Task prompt: Write only the number of lines in the records beneath that hold "unimodular".

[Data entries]
=====

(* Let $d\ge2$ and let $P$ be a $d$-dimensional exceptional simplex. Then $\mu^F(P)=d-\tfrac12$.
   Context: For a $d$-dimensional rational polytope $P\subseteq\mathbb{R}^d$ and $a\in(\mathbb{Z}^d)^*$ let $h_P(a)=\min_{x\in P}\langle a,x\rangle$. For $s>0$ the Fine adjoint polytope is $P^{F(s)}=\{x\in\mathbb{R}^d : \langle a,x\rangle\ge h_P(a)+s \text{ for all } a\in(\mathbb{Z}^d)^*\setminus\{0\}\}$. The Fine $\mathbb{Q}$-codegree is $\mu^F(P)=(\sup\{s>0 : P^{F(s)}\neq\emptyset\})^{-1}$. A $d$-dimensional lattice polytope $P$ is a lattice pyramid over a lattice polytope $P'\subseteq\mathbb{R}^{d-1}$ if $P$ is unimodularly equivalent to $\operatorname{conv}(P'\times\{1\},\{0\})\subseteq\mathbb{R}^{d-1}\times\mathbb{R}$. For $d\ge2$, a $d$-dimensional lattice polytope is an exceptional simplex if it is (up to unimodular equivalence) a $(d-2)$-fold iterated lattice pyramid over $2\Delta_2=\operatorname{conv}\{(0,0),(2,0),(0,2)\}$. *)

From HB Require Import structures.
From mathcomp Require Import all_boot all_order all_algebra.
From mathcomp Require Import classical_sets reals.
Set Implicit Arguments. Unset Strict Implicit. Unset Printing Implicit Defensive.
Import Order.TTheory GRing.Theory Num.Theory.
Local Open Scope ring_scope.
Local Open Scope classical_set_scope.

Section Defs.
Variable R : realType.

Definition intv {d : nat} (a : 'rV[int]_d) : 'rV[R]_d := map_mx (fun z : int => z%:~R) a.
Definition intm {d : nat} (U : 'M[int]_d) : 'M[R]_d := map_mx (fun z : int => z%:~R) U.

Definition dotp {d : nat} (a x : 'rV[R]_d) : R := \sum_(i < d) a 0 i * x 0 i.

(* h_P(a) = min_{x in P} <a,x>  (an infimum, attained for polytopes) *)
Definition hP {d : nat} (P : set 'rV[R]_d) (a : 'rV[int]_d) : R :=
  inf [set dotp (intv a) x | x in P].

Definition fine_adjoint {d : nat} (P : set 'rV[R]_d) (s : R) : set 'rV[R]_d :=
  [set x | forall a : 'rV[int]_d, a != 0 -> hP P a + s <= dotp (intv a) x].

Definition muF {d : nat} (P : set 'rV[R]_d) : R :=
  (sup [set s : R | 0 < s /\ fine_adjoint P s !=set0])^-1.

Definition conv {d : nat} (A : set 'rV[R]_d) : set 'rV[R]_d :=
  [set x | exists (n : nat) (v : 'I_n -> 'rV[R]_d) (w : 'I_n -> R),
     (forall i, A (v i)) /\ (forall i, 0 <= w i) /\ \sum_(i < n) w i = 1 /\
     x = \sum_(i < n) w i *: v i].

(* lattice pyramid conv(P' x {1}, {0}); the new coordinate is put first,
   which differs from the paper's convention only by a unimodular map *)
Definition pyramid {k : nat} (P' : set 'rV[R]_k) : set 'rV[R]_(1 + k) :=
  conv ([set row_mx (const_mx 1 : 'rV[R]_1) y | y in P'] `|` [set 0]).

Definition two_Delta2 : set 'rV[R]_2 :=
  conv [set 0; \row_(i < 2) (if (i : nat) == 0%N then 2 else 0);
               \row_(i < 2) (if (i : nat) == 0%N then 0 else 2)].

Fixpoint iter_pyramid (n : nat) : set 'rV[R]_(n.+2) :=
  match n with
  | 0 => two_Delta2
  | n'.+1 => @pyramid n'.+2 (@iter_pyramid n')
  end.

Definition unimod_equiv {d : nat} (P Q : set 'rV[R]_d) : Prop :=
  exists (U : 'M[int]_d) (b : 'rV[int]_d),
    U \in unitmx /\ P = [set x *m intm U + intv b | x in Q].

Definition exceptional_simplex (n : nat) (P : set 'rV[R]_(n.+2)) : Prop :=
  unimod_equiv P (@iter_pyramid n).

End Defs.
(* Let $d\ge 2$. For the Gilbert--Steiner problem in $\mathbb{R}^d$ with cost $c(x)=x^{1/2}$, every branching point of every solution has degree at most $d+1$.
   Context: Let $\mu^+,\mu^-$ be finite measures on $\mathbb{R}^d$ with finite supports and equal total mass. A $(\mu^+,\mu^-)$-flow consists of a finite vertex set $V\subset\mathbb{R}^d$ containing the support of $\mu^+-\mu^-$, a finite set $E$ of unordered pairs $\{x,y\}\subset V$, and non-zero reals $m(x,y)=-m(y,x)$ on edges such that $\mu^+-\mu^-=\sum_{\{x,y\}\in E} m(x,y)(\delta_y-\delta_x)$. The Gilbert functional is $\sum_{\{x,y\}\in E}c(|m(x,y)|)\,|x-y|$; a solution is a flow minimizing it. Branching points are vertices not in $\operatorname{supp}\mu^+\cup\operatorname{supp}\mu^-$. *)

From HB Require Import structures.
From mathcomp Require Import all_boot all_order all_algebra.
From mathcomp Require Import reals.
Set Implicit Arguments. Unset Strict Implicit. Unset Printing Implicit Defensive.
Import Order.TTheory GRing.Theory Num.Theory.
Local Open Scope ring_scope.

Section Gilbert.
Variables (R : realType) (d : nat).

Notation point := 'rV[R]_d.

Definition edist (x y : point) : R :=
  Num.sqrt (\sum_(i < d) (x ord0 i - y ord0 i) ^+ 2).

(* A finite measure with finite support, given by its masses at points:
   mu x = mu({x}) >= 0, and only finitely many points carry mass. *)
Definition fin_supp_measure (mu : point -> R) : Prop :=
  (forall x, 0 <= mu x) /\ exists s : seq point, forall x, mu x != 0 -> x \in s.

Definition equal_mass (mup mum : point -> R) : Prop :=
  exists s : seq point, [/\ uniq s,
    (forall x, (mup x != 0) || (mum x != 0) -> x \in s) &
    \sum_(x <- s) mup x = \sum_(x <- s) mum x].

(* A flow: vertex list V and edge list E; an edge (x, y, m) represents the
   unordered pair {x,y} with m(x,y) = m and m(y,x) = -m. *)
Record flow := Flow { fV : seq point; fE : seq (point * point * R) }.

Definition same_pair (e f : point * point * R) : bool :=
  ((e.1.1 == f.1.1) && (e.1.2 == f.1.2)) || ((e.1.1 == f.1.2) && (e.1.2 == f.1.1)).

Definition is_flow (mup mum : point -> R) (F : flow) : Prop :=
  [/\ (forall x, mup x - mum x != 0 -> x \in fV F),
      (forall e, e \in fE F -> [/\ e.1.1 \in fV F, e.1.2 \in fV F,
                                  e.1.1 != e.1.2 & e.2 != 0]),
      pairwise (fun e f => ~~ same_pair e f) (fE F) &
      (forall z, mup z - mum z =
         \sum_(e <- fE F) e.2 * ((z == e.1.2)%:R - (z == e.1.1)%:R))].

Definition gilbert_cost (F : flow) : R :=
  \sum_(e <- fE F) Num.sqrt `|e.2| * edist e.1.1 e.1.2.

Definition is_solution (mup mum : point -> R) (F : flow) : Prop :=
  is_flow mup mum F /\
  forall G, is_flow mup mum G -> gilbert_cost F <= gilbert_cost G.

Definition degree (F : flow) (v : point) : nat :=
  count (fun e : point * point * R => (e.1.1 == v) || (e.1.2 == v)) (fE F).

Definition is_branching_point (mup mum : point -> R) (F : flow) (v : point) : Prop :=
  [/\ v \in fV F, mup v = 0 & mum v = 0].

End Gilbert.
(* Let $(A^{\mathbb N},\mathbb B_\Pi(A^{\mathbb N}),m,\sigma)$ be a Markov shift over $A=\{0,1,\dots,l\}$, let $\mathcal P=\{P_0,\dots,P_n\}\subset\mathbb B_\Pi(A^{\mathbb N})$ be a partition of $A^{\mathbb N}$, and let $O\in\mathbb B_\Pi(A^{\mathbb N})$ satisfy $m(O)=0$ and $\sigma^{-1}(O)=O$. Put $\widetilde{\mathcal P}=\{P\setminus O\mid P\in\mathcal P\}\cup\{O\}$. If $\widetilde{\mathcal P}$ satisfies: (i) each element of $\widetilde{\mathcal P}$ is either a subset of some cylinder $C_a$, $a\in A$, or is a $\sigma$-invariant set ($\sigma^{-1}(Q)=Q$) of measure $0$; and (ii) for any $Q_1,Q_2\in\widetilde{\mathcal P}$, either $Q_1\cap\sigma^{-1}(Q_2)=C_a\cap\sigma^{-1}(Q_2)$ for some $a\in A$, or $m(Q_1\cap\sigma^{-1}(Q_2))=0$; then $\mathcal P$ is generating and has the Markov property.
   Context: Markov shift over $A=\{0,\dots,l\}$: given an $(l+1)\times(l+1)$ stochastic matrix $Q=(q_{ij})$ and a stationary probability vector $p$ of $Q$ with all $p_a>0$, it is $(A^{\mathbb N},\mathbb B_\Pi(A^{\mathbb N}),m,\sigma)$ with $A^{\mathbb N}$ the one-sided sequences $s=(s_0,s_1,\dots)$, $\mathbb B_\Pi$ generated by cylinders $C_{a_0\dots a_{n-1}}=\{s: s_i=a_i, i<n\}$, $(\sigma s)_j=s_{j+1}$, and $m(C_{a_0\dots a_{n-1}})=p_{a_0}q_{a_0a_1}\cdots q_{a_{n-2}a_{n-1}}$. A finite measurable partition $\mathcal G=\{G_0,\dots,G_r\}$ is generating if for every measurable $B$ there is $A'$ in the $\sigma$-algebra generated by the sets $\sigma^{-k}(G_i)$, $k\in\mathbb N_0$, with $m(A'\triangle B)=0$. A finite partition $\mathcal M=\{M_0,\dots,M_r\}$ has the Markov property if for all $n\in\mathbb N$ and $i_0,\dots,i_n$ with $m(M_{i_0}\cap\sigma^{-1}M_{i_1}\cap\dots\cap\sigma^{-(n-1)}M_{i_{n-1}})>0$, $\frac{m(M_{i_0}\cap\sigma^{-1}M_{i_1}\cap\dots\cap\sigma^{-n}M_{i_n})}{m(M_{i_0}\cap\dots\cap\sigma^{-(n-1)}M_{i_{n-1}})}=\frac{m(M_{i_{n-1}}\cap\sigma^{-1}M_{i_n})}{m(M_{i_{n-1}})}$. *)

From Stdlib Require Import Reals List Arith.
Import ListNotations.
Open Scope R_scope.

=====

Output below: 2